Not one, but rather multiple kernels (which includes the generic one).
Which otherwise are possible to build with the vanilla distro, but it
might take a lot of tweaking time to get there and you got no QA for
that either.

> If you want enterprise go for OSX :) I think it's the best enterprise BSDish
> system ;)

Why not help the people already using FreeBSD at their workplace get
better arguments to keep and grow the FreeBSD base ? ;)

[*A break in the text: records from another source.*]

Definition metric_complete (T : topologicalType) (d : T -> T -> Rdefinitions.R) :=
  forall u : nat -> T,
    (forall e : Rdefinitions.R, 0 < e ->
       exists N : nat, forall m n : nat, (N <= m)%N -> (N <= n)%N -> d (u m) (u n) < e) ->
    exists x : T, u @ \oo --> x.

Definition completely_metrizable (T : topologicalType) : Prop :=
  exists d : T -> T -> Rdefinitions.R,
    [/\ is_metric d, metric_compatible d & metric_complete d].

Definition separable_space (T : topologicalType) : Prop :=
  exists D : set T, countable D /\ dense D.

Definition polish (T : topologicalType) : Prop :=
  separable_space T /\ completely_metrizable T.

Definition zero_dim (T : topologicalType) : Prop :=
  forall (U : set T) (x : T), open U -> U x ->
    exists V : set T, [/\ clopen V, V x & V `<=` U].

Definition Delta02 (T : topologicalType) (S : set T) : Prop :=
  Fsigma S /\ Gdelta S.

(* A family (C^eps_i) indexed by 2 x omega; eps = 0 is [false], eps = 1 is [true]. *)
Definition one_disjoint (T : topologicalType) (C : bool -> nat -> set T) : Prop :=
  (forall e i, closed (C e i)) /\
  (forall e i e' i', (e, i) <> (e', i') -> C e i `&` C e' i' = set0).

Definition clopen_partition (T : topologicalType) (O : nat -> set T) : Prop :=
  [/\ forall p, clopen (O p),
      forall p p', p <> p' -> O p `&` O p' = set0 &
      \bigcup_p O p = [set: T]].

Definition comparing (T : topologicalType) (C : bool -> nat -> set T) : Prop :=
  forall q : nat, exists O : nat -> set T,
    clopen_partition O /\
    forall i : nat,
      ((q < i)%N -> exists p, C false i `|` C true i `<=` O p) /\
      ((i <= q)%N -> forall e : bool, C e i `<=` O (2 * i + e)%N).

From HB Require Import structures.
From mathcomp Require Import all_boot all_order all_algebra.
From mathcomp Require Import all_classical all_reals all_analysis.
From mathcomp Require Import Rstruct Rstruct_topology borel_hierarchy ring lra.

(* A closed set F is colorable off when A, restricted to the complement of F,
   has an omega-colouring whose classes are Delta^0_2 there.  Such sets are
   stable under countable intersections and under removing an open set B for
   which F `&` B contains no A-edge.  Intersecting over a countable base yields
   such a K in which every point is a limit of A-edges of K.  If K is empty
   this is (a).  Otherwise move a point through K along the comparing
   partitions: at stage n the pieces O^{2n}_n and O^{2n+1}_n jump to the two
   endpoints of a 2^-(n+1)-close A-edge and all other pieces stay put.  Stage n
   depends only on clopen pieces, so the limit map is continuous, and a pair in
   C^0_i x C^1_i follows one path up to stage i, then splits along an A-edge
   and freezes. *)

Import Order.TTheory GRing.Theory Num.Theory.
Local Open Scope classical_set_scope.
Local Open Scope ring_scope.
Set Implicit Arguments.
Unset Strict Implicit.

Local Notation R := Rdefinitions.R.

Definition half_pow (n : nat) : R := (2 ^+ n)^-1.

Lemma half_pow_gt0 n : 0 < half_pow n.
Proof. by rewrite invr_gt0 exprn_gt0. Qed.

Lemma half_powS n : half_pow n.+1 + half_pow n.+1 = half_pow n.
Proof.
have : (2 ^+ n : R) != 0 by rewrite expf_neq0.
by rewrite /half_pow exprS => ?; field.
Qed.

Lemma half_pow_le m n : (m <= n)%N -> half_pow n <= half_pow m.
Proof.
move=> mn; rewrite lef_pV2 ?posrE ?exprn_gt0 //.
by rewrite ler_eXn2l // ltr1n.
Qed.

Lemma half_pow_small (e : R) : 0 < e -> exists n, half_pow n < e.
Proof.
move=> e0; exists (Num.truncn e^-1).
rewrite /half_pow invf_plt ?posrE ?exprn_gt0 //.
apply: (lt_le_trans (truncnS_gt _)).
by rewrite -natrX ler_nat ltn_expl.
Qed.

Lemma Fsigma_setI_closed (T : topologicalType) (S F : set T) :
  Fsigma S -> closed F -> Fsigma (S `&` F).
Proof.
move=> [G cG ->] cF; exists (fun i => G i `&` F) => [i|]; first exact: closedI.
by rewrite setI_bigcupl.
Qed.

> Also there are more packages for FreeBSD available then for RH, and I can
> assure you that
> all programs that you actually use (like ssh, apache, perl and etc) you have
> to manually compile to fit your needs.

I tend to disagree in this particular context -- business usage relies
on stability which implies a small set of very well tested packages,
not necessarily the latest version.

>>
>>
>>>>
>>>>  While we're at it, I wish we could leverage the posibility for the
>>>> admin to manually start the service at the CLI, no matter whether the
>>>> service has been enabled or not -- that is the "<svc>_enable" keyword
>>>> should have effect only in the bootup/automatic contexts.
>>>>
>>>>
>>>
>>> Like keywords - forcestart forcerestart forcestop ?!?!
>>>
>>
>> Yes, I am always reminded of that :).
>> Well, to tell you the truth, I do not know of any other OS which
>> requires prefixing with "force" the start/stop actions in order to act
>> on the service at the command line, and personally I wish it weren't
>> the case.
>>
>
> Well I bet you can find this in most linux distros that copy FreeBSD. What
> about gentoo?

Umm, I have used Gentoo and I do not remember having to use
"forcestart" at the command line...

> Anyway I think that the beauty of the current rc/ng system in freebsd is
> that it's very easy to understand and use it.
> Not like those nasty XML config files that makes you blind.
> There are small fixes that can be applied to make the system even better,
> but rewriting it just for the sport looks like wasting too much power :)
> But after all FreeBSD innovate do not imitate ;)
>
> Anyway it's may be just me, but I do not think that the rc system in freebsd
> is the showstopper, that needs funding or more ppl looking at it.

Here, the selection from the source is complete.